En su catequesis de hoy, durante la Audiencia general, desde el Cortile di San Damaso, el Papa ha explicado la necesidad de la solidaridad
Queridos hermanos y hermanas:
La pandemia actual ha evidenciado que todos, como miembros de una misma familia humana, estamos conectados en el bien o en el mal, porque tenemos un mismo origen, compartimos la misma casa común y un mismo destino en Cristo. Esta interdependencia nos enseña que sólo siendo solidarios podremos salir adelante, pues de lo contrario surgen desigualdad, egoísmos, injusticia y marginación.
La solidaridad es una cuestión de justicia, un cambio de mentalidad que nos lleve a pensar en términos de comunidad, de prioridad de la vida de todos sobre la apropiación de los bienes de parte de unos pocos. Nuestra interdependencia, para que sea solidaria y dé frutos debe fundarse en el respeto a nuestros semejantes y a la creación.
Para no repetir el drama de la Torre de Babel, que generó sólo ruptura y destrucción a todo nivel, el Señor nos invita a radicarnos en el acontecimiento de Pentecostés. Es allí donde Dios se hace presente con la fuerza de su Espíritu Santo, que inspira la fe de la comunidad unida en la diversidad y la solidaridad, y la impulsa a sanar las estructuras y los procesos sociales enfermos de injusticia y de opresión. La solidaridad es, por tanto, el único camino posible hacia un mundo post-pandemia, y el remedio para curar las enfermedades interpersonales y sociales que afligen a nuestro mundo actual.

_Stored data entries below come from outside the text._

(* Let $\lambda$ be a partition with $d$ distinct part sizes and parameters $(h_1,\dots,h_d)$, $(v_1,\dots,v_d)$. Define $p^{\rm col}_{r,s}(q,t)=p_{r,s}(q^{-1},t^{-1})$ and $\overline{p}^{\rm col}_{r,s}(q,t)=\overline{p}_{r,s}(q^{-1},t^{-1})$. Then for $0\le s\le d$, \[ p^{\rm col}_{r,s}(q,t)=\begin{cases}q^{h_{s+1,d}}\alpha_s&r=0,\\ \tau^{\rm col}_{r,s}\dfrac{\alpha_s\beta_r}{\gamma'_{r,s}}&1\le r\le d,\end{cases}\qquad \overline{p}^{\rm col}_{r,s}(q,t)=\begin{cases}q^{h_{s+1,d}}\overline{\alpha}_s&r=0,\\ \tau^{\rm col}_{r,s}\dfrac{\overline{\alpha}_s\overline{\beta}_r}{\gamma'_{r,s}}&1\le r\le d,\end{cases} \] where (all of $\alpha_s,\overline{\alpha}_s,\beta_r,\overline{\beta}_r,\gamma'_{r,s}$ evaluated at $(q,t)$) $\tau^{\rm col}_{r,s}=q^{-1+h_{r,s}}t^{1+2v_{r+1,s}}$ if $0<r\le s$, and $\tau^{\rm col}_{r,s}=q^{h_{s+1,r-1}}$ if $r>s$.
   Context: Partitions are Young diagrams in French convention (cells $(x,y)\in\mathbb{Z}_{>0}^2$, $x\le\lambda_y$), $\lambda'$ the conjugate; for $c=(x,y)\in\lambda$, $a_\lambda(c)=\lambda_y-x$, $\ell_\lambda(c)=\lambda'_x-y$; $n(\kappa)=\sum_{c\in\kappa}\ell_\kappa(c)$, $n'(\kappa)=\sum_{c\in\kappa}a_\kappa(c)$, $n(\rho/\kappa)=n(\rho)-n(\kappa)$, $n'(\rho/\kappa)=n'(\rho)-n'(\kappa)$. For $\kappa\subseteq\rho$, $\mathcal{R}_{\rho/\kappa}$ (resp. $\mathcal{C}_{\rho/\kappa}$): cells of $\kappa$ in a row (resp. column) containing a cell of $\rho/\kappa$. $[i,j]=1-q^it^j$, $[i,j]^+=[i+1,j-1]$, $[i,j]^-=[i-1,j+1]$. For $\kappa\lessdot\rho$ (one-cell difference): $\alpha_{\rho/\kappa}=\prod_{c\in\mathcal{R}_{\rho/\kappa}}\frac{[a_\kappa(c),\ell_\kappa(c)+1]}{[a_\rho(c),\ell_\rho(c)+1]}\prod_{c\in\mathcal{C}_{\rho/\kappa}}\frac{[a_\kappa(c)+1,\ell_\kappa(c)]}{[a_\rho(c)+1,\ell_\rho(c)]}$, $\overline{\alpha}_{\rho/\kappa}=\prod_{c\in\mathcal{R}_{\rho/\kappa}}\frac{[a_\kappa(c)+1,\ell_\kappa(c)]}{[a_\rho(c)+1,\ell_\rho(c)]}\prod_{c\in\mathcal{C}_{\rho/\kappa}}\frac{[a_\kappa(c),\ell_\kappa(c)+1]}{[a_\rho(c),\ell_\rho(c)+1]}$, $\beta=1/\alpha$, $\overline{\beta}=1/\overline{\alpha}$. For $\mu\lessdot\lambda\lessdot\nu$, with $A=n'(\lambda/\mu)-n'(\nu/\lambda)$, $B=n(\nu/\lambda)-n(\lambda/\mu)$: $\gamma_{\nu/\lambda/\mu}=\frac{(1-q^At^B)(1-q^{A+1}t^{B-1})}{(1-q)(1-t)}$. Probabilities: $\mathcal{P}_\lambda(\lambda\rightarrow\nu)=t^{n(\nu/\lambda)}\alpha_{\nu/\lambda}$, $\overline{\mathcal{P}}_\lambda(\lambda\leftarrow\nu)=t^{n(\nu/\lambda)}\overline{\alpha}_{\nu/\lambda}$, for $\mu\lessdot\lambda$: $\mathcal{P}_\lambda(\mu\rightarrow\nu)=t^{B-1}\alpha_{\nu/\lambda}\beta_{\lambda/\mu}/\gamma_{\nu/\lambda/\mu}$, $\overline{\mathcal{P}}_\lambda(\mu\leftarrow\nu)=t^{B-1}\overline{\alpha}_{\nu/\lambda}\overline{\beta}_{\lambda/\mu}/\gamma_{\nu/\lambda/\mu}$. Parameters: if $\lambda$ has distinct part sizes $u_1>\dots>u_d>0$, $v_i$ is the multiplicity of $u_i$ and $h_i=u_i-u_{i+1}$ ($u_{d+1}=0$); $h_{i,j}=h_i+\dots+h_j$, $v_{i,j}=v_i+\dots+v_j$ for $i\le j$, and $0$ for $i>j$. For $0\le s\le d$, $\lambda^{(+s)}$ adds a cell in row $v_{1,s}+1$; $\lambda^{(-0)}=\lambda$, and for $1\le r\le d$, $\lambda^{(-r)}$ removes a cell from row $v_{1,r}$. $\alpha_s=\alpha_{\lambda^{(+s)}/\lambda}$, $\overline{\alpha}_s=\overline{\alpha}_{\lambda^{(+s)}/\lambda}$, $\beta_r=\beta_{\lambda/\lambda^{(-r)}}$, $\overline{\beta}_r=\overline{\beta}_{\lambda/\lambda^{(-r)}}$, $p_{r,s}=\mathcal{P}_\lambda(\lambda^{(-r)}\rightarrow\lambda^{(+s)})$, $\overline{p}_{r,s}=\overline{\mathcal{P}}_\lambda(\lambda^{(-r)}\leftarrow\lambda^{(+s)})$, and $\gamma'_{r,s}=\frac{[h_{r,s},v_{r+1,s}][h_{r,s},v_{r+1,s}]^-}{[0,1][1,0]}$ if $0<r\le s$, $\gamma'_{r,s}=\frac{[h_{s+1,r-1},v_{s+1,r}][h_{s+1,r-1},v_{s+1,r}]^+}{[0,1][1,0]}$ if $r>s$. *)

From mathcomp Require Import all_boot all_order all_algebra.
Set Implicit Arguments.
Unset Strict Implicit.
Unset Printing Implicit Defensive.
Import Order.TTheory GRing.Theory Num.Theory.

(* French convention: cell (x,y) with x = column, y = row, 1 <= x <= la_y.
   Lists may carry trailing zero parts (e.g. after removing the last cell of a
   row of length 1); zero parts contribute no cells. *)

Definition is_partition (la : seq nat) : bool :=
  sorted geq la && all (fun x => 0 < x)%N la.

(* la_y, 1-indexed, 0 beyond the length *)
Definition part (la : seq nat) (y : nat) : nat := nth 0%N la y.-1.

(* la'_x : number of rows of length >= x (used for x >= 1) *)
Definition conj_part (la : seq nat) (x : nat) : nat := count (fun p => x <= p)%N la.
Lemma integral_unit_sq_cells (f : R * R -> R) : measurable_fun sq f ->
  (\int[mu]_(z in sq) (f z)%:E =
   \sum_(0 <= i < n) \sum_(0 <= j < n) \int[mu]_(z in cell i `*` cell j) (f z)%:E)%E.
Proof.
move=> mf; rewrite unit_sq_cells integral_bigsetU_EFin ?iota_uniq //; first last.
- by rewrite -unit_sq_cells; apply/measurable_EFinP.
- by move=> i j _ _ [z [[zi _] [zj _]]]; apply: (@cells_disjoint _ n); exists z.1.
- by move=> i; apply: measurableX; [exact: measurable_cell | exact: measurable_itv].
apply: eq_big_nat => i /andP[_ i_lt].
have cell_row : cell i `*` `[0, 1]%classic = \big[setU/set0]_(0 <= j < n) (cell i `*` cell j).
  by rewrite big_setUXr big_setU_cell // grid_prefix_n.
rewrite cell_row integral_bigsetU_EFin ?iota_uniq //.
- by move=> j k _ _ [z [[_ zj] [_ zk]]]; apply: (@cells_disjoint _ n); exists z.2.
- rewrite -cell_row; apply/measurable_EFinP; apply: (measurable_funS _ _ mf).
    by apply: measurableX; exact: measurable_itv.
  by move=> z [zi z01]; split => //; exact: cell_sub01 i_lt _ zi.
Qed.

Lemma sum_cell_masses_le1 :
  \sum_(0 <= i < n) \sum_(0 <= j < n) fine (mu (cell i `*` cell j)) <= 1.
Proof.
have int1 A : measurable A -> (\int[mu]_(z in A) (cst (1 : R) z)%:E)%E = mu A.
  by move=> mA; rewrite -[RHS]mul1e -integral_cst.
have msq : measurable sq by apply: measurableX; exact: measurable_itv.
have := integral_unit_sq_cells (measurable_cst (1 : R)).
under eq_bigr => i _ do under eq_bigr => j _ do
  rewrite int1 // -[mu _]fineK ?measure_fin_num //.
rewrite int1 // -[mu _]fineK ?measure_fin_num //.
under eq_bigr do rewrite sumEFin.
rewrite sumEFin => -[<-]; rewrite -lee_fin fineK ?measure_fin_num // -mu_setT.
by rewrite le_measure ?inE.
Qed.

Section Integrand.
Variable f : R -> R -> R.
Hypotheses (mf : measurable_fun sq (fun z => f z.1 z.2))
  (f_nonneg : sq_nonneg f) (f_lip : sq_lipschitz f).

Lemma integral_cell_near_corner i j : (i < n)%N -> (j < n)%N ->
  (\int[mu]_(z in cell i `*` cell j) (f z.1 z.2)%:E)%E \is a fin_num /\
  `|fine (\int[mu]_(z in cell i `*` cell j) (f z.1 z.2)%:E)%E -
    f (grid i.+1) (grid j.+1) * fine (mu (cell i `*` cell j))| <=
  2 / n%:R * fine (mu (cell i `*` cell j)).
Proof.
move=> i_lt j_lt; apply: integral_near_const => // [|[x y] [/= xi yj]|[x y] [/= xi yj]].
- apply: (measurable_funS _ _ mf); first by apply: measurableX; exact: measurable_itv.
  by move=> z [zi zj]; split; [exact: cell_sub01 i_lt _ zi | exact: cell_sub01 j_lt _ zj].
- have [x01 _] := cell_near_grid n_gt0 i_lt xi; have [y01 _] := cell_near_grid n_gt0 j_lt yj.
  exact: f_nonneg.
- have [x01 xg] := cell_near_grid n_gt0 i_lt xi; have [y01 yg] := cell_near_grid n_gt0 j_lt yj.
  have gi01 : 0 <= grid i.+1 <= 1 by rewrite grid_ge0 grid_le1.
  have gj01 : 0 <= grid j.+1 <= 1 by rewrite grid_ge0 grid_le1.
  apply: (le_trans (f_lip x01 y01 gi01 gj01)).
  by rewrite mulr_natl mulr2n lerD.
Qed.

Lemma Rintegral_near_cell_sum :
  `|Rintegral mu sq (fun z => f z.1 z.2) -
    \sum_(0 <= i < n) \sum_(0 <= j < n)
      f (grid i.+1) (grid j.+1) * fine (mu (cell i `*` cell j))| <= 2 / n%:R.
Proof.
rewrite /Rintegral (integral_unit_sq_cells mf).
under eq_big_nat => i /andP[_ i_lt] do under eq_big_nat => j /andP[_ j_lt] do
  rewrite -(fineK (integral_cell_near_corner i_lt j_lt).1).
under eq_bigr do rewrite sumEFin.
rewrite sumEFin [fine _]/= -sumrB; apply: (le_trans (ler_norm_sum _ _ _)).
apply: (@le_trans _ _ (\sum_(0 <= i < n) \sum_(0 <= j < n)
    2 / n%:R * fine (mu (cell i `*` cell j)))).
  apply: ler_sum_nat => i /andP[_ i_lt]; rewrite -sumrB.
  apply: (le_trans (ler_norm_sum _ _ _)); apply: ler_sum_nat => j /andP[_ j_lt].
  exact: (integral_cell_near_corner i_lt j_lt).2.
under eq_bigr do rewrite -mulr_sumr.
rewrite -mulr_sumr; apply: ler_piMr; last exact: sum_cell_masses_le1.
by apply: divr_ge0; exact: ler0n.
Qed.

End Integrand.

Variable C : R -> R -> R.
Hypothesis mu_rect : forall x y, 0 <= x <= 1 -> 0 <= y <= 1 ->
  mu (`[0, x] `*` `[0, y]) = (C x y)%:E.
Hypothesis C_grounded : grounded C.

Lemma fine_measure_cell i j : (i < n)%N -> (j < n)%N ->
  fine (mu (cell i `*` cell j)) =
  C_volume C (grid i) (grid i.+1) (grid j) (grid j.+1).
Proof.
move=> i_lt j_lt; have [C0y Cx0] := C_grounded.
have prefix_mass a b : (a <= n)%N -> (b <= n)%N ->
    fine (mu (grid_prefix n a `*` grid_prefix n b)) = C (grid a) (grid b).
  case: a b => [|a] [|b] a_le b_le /=; rewrite ?set0X ?setX0 ?measure0 ?grid0 ?C0y ?Cx0 //.
  by rewrite mu_rect ?grid_ge0 ?grid_le1.
rewrite /cell (fine_measure_setXD mu_setT); try exact: measurable_grid_prefix;
  try exact: grid_prefix_sub (leqnSn _).
by have [i_le j_le] := (ltnW i_lt, ltnW j_lt); rewrite !prefix_mass.
Qed.

Lemma Rintegral_stieltjes_sum (f : R -> R -> R) :
  measurable_fun sq (fun z => f z.1 z.2) -> sq_nonneg f -> sq_lipschitz f ->
  `|Rintegral mu sq (fun z => f z.1 z.2) - stieltjes_sum n f C| <= 2 / n%:R.
Proof.
move=> mf f_nonneg f_lip; have := Rintegral_near_cell_sum mf f_nonneg f_lip.
congr (`|_ - _| <= _); apply: eq_big_nat => i /andP[_ i_lt].
by apply: eq_big_nat => j /andP[_ j_lt]; rewrite fine_measure_cell.
Qed.

End RiemannStieltjes.

Lemma stieltjes_sum_mixC {R : realType} n l (f g : R -> R -> R) :
  l * stieltjes_sum n f f + (1 - l) * stieltjes_sum n g g -
    stieltjes_sum n (mixC l f g) (mixC l f g) =
  l * (1 - l) * stieltjes_sum n (fun x y => f x y - g x y) (fun x y => f x y - g x y).
Proof.
rewrite /stieltjes_sum !mulr_sumr -big_split -sumrB /=; apply: eq_bigr => i _.
rewrite !mulr_sumr -big_split -sumrB /=; apply: eq_bigr => j _.
by rewrite /C_volume /mixC; ring.
Qed.

Section MinMaxKernel.
Variables (R : realType) (h : nat -> R).

Definition minmax_kernel (a b : nat) : R := (minn a b)%:R * h (maxn a b).
Local Notation K := minmax_kernel.

Let K_volume i j := K i.+1 j.+1 * (K i.+1 j.+1 - K i j.+1 - K i.+1 j + K i j).

Let K_volume_sym i j : K_volume i j = K_volume j i.
Proof. by rewrite /K_volume /K !(minnC i) !(maxnC i) !(minnC i.+1) !(maxnC i.+1); ring. Qed.

Let K_volume_below m j : (j < m)%N -> K_volume m j = (j.+1)%:R * (h m.+1 * (h m.+1 - h m)).
Proof.
move=> jm; have jm' := ltnW jm; have jS : (j.+1 <= m.+1)%N := jm'.
rewrite /K_volume /K (minn_idPr jS) (maxn_idPl jS) (minn_idPr jm) (maxn_idPl jm).
rewrite (minn_idPr (leqW jm')) (maxn_idPl (leqW jm')) (minn_idPr jm') (maxn_idPl jm').
by rewrite -natr1; ring.
Qed.

Let K_volume_diag m :
  K_volume m m = (m.+1)%:R * h m.+1 * ((m.+1)%:R * h m.+1 - 2 * m%:R * h m.+1 + m%:R * h m).
Proof.
rewrite /K_volume /K !minnn !maxnn (minn_idPr (leqnSn m)) (maxn_idPl (leqnSn m)).
by rewrite (minn_idPl (leqnSn m)) (maxn_idPr (leqnSn m)); ring.
Qed.

(* Discrete analogue of int int K dK = int_0^1 t h(t)^2 dt
   for K(x, y) = min(x, y) h(max(x, y)). *)
Lemma sum_minmax_kernel_volume m :
  \sum_(0 <= i < m) \sum_(0 <= j < m)
    K i.+1 j.+1 * (K i.+1 j.+1 - K i j.+1 - K i.+1 j + K i j) =
  \sum_(0 <= k < m) (k.+1)%:R * h k.+1 ^+ 2.
Proof.
change (\sum_(0 <= i < m) \sum_(0 <= j < m) K_volume i j =
  \sum_(0 <= k < m) (k.+1)%:R * h k.+1 ^+ 2).
elim: m => [|m IH]; first by rewrite !big_geq.
rewrite big_nat_recr //=; under eq_bigr do rewrite big_nat_recr //=.
rewrite big_split /= IH big_nat_recr //= big_nat_recr //=.
have row : \sum_(0 <= j < m) K_volume m j =
    (\sum_(0 <= j < m) (j.+1)%:R) * (h m.+1 * (h m.+1 - h m)).
  by rewrite mulr_suml; apply: eq_big_nat => j /andP[_ jm]; rewrite K_volume_below.
have col : \sum_(0 <= i < m) K_volume i m = \sum_(0 <= j < m) K_volume m j.
  by apply: eq_bigr => i _; rewrite K_volume_sym.
have gauss : \sum_(0 <= j < m) (j.+1)%:R = m%:R * (m.+1)%:R / 2 :> R.
  elim: (m) => [|k IHk]; first by rewrite big_geq // mul0r mul0r.
  by rewrite big_nat_recr //= IHk -!natr1; field.
by rewrite col row gauss K_volume_diag -natr1; field.
Qed.

End MinMaxKernel.

Lemma grid_sum_sqr_ge {R : realType} (n : nat) (u r c2 : R) (H : R -> R) :
  (0 < n)%N -> u <= 1 -> 0 < r -> r <= u / 2 -> 0 <= c2 -> 2 <= n%:R * r ->
  (forall x, u - r <= x <= u -> c2 <= H x ^+ 2) ->
  r * u * c2 / 4 <= \sum_(0 <= k < n) (k.+1)%:R * H (grid R n k.+1) ^+ 2 / n%:R ^+ 2.
Proof.
move=> n_gt0 u_le1 r_gt0 ru c2_ge0 nr Hc2; have n_gt0R : 0 < n%:R :> R by rewrite ltr0n.
have u_gt0 : 0 < u by lra.
set K := Num.truncn (n%:R * (u - r)); set M := Num.truncn (n%:R * r).
have K_le : K%:R <= n%:R * (u - r) by rewrite truncn_le mulr_ge0 //; lra.
have K_gt : n%:R * (u - r) < K.+1%:R by exact: truncnS_gt.
have M_le : M%:R <= n%:R * r by rewrite truncn_le mulr_ge0 //; lra.
have M_gt : n%:R * r < M.+1%:R by exact: truncnS_gt.
have KM_le : (K + M <= n)%N.
  have : n%:R * u <= n%:R by rewrite ler_piMr // ltW.
  by rewrite -(ler_nat R) natrD; lra.
have term_ge0 k : 0 <= (k.+1)%:R * H (grid R n k.+1) ^+ 2 / n%:R ^+ 2.
  apply: divr_ge0; last exact/exprn_ge0/ler0n.
  by apply: mulr_ge0; [exact: ler0n | exact: sqr_ge0].
rewrite (big_cat_nat (leq0n K) (leq_trans (leq_addr M K) KM_le)) /=.
rewrite (big_cat_nat (leq_addr M K) KM_le) /=.
have window : \sum_(K <= k < K + M) u * c2 / (2 * n%:R) <=
    \sum_(K <= k < K + M) (k.+1)%:R * H (grid R n k.+1) ^+ 2 / n%:R ^+ 2.
  apply: ler_sum_nat => k /andP[Kk kKM].
  have k_ge : K.+1%:R <= k.+1%:R :> R by rewrite ler_nat.
  have k_le : k.+1%:R <= K%:R + M%:R :> R by rewrite -natrD ler_nat.
  have grid_k : u - r <= grid R n k.+1 <= u.
    by rewrite /grid ler_pdivlMr // ler_pdivrMr //; apply/andP; split; nra.
  have := Hc2 _ grid_k; rewrite ler_pdivlMr ?exprn_gt0 //.
  have -> : u * c2 / (2 * n%:R) * n%:R ^+ 2 = u * c2 * n%:R / 2 by field; rewrite gt_eqF.
  have : n%:R * r <= n%:R * (u / 2) by rewrite ler_pM2l.
  have : 0 <= k.+1%:R :> R by exact: ler0n.
  nra.
rewrite sumr_const_nat addKn -[_ *+ M]mulr_natl in window.
have : r * u * c2 / 4 <= M%:R * (u * c2 / (2 * n%:R)).
  have -> : M%:R * (u * c2 / (2 * n%:R)) = (M%:R / n%:R) * (u * c2 / 2).
    by field; rewrite gt_eqF.
  have -> : r * u * c2 / 4 = r / 2 * (u * c2 / 2) by field.
  by rewrite ler_wpM2r ?divr_ge0 ?mulr_ge0 ?ler0n ?(ltW u_gt0) // ler_pdivlMr //; nra.
move=> /le_trans /(_ window) bound.
apply: ler_wpDl; first by apply: sumr_ge0 => k _; exact: term_ge0.
by apply: ler_wpDr => //; apply: sumr_ge0 => k _; exact: term_ge0.
Qed.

Después de tantos meses retomamos nuestro encuentro cara a cara, y no pantalla a pantalla. Cara a cara. ¡Esto es lindo! La actual pandemia ha demostrado nuestra interdependencia: todos estamos unidos, los unos a los otros, tanto en el mal como en el bien. Por eso, para salir mejores de esta crisis, debemos hacerlo juntos. Juntos, no solos, juntos. Solos no, porque no se puede. O se hace juntos o no se hace. Debemos hacerlo juntos, todos, con solidaridad. Hoy quería subrayar esta palabra: solidaridad.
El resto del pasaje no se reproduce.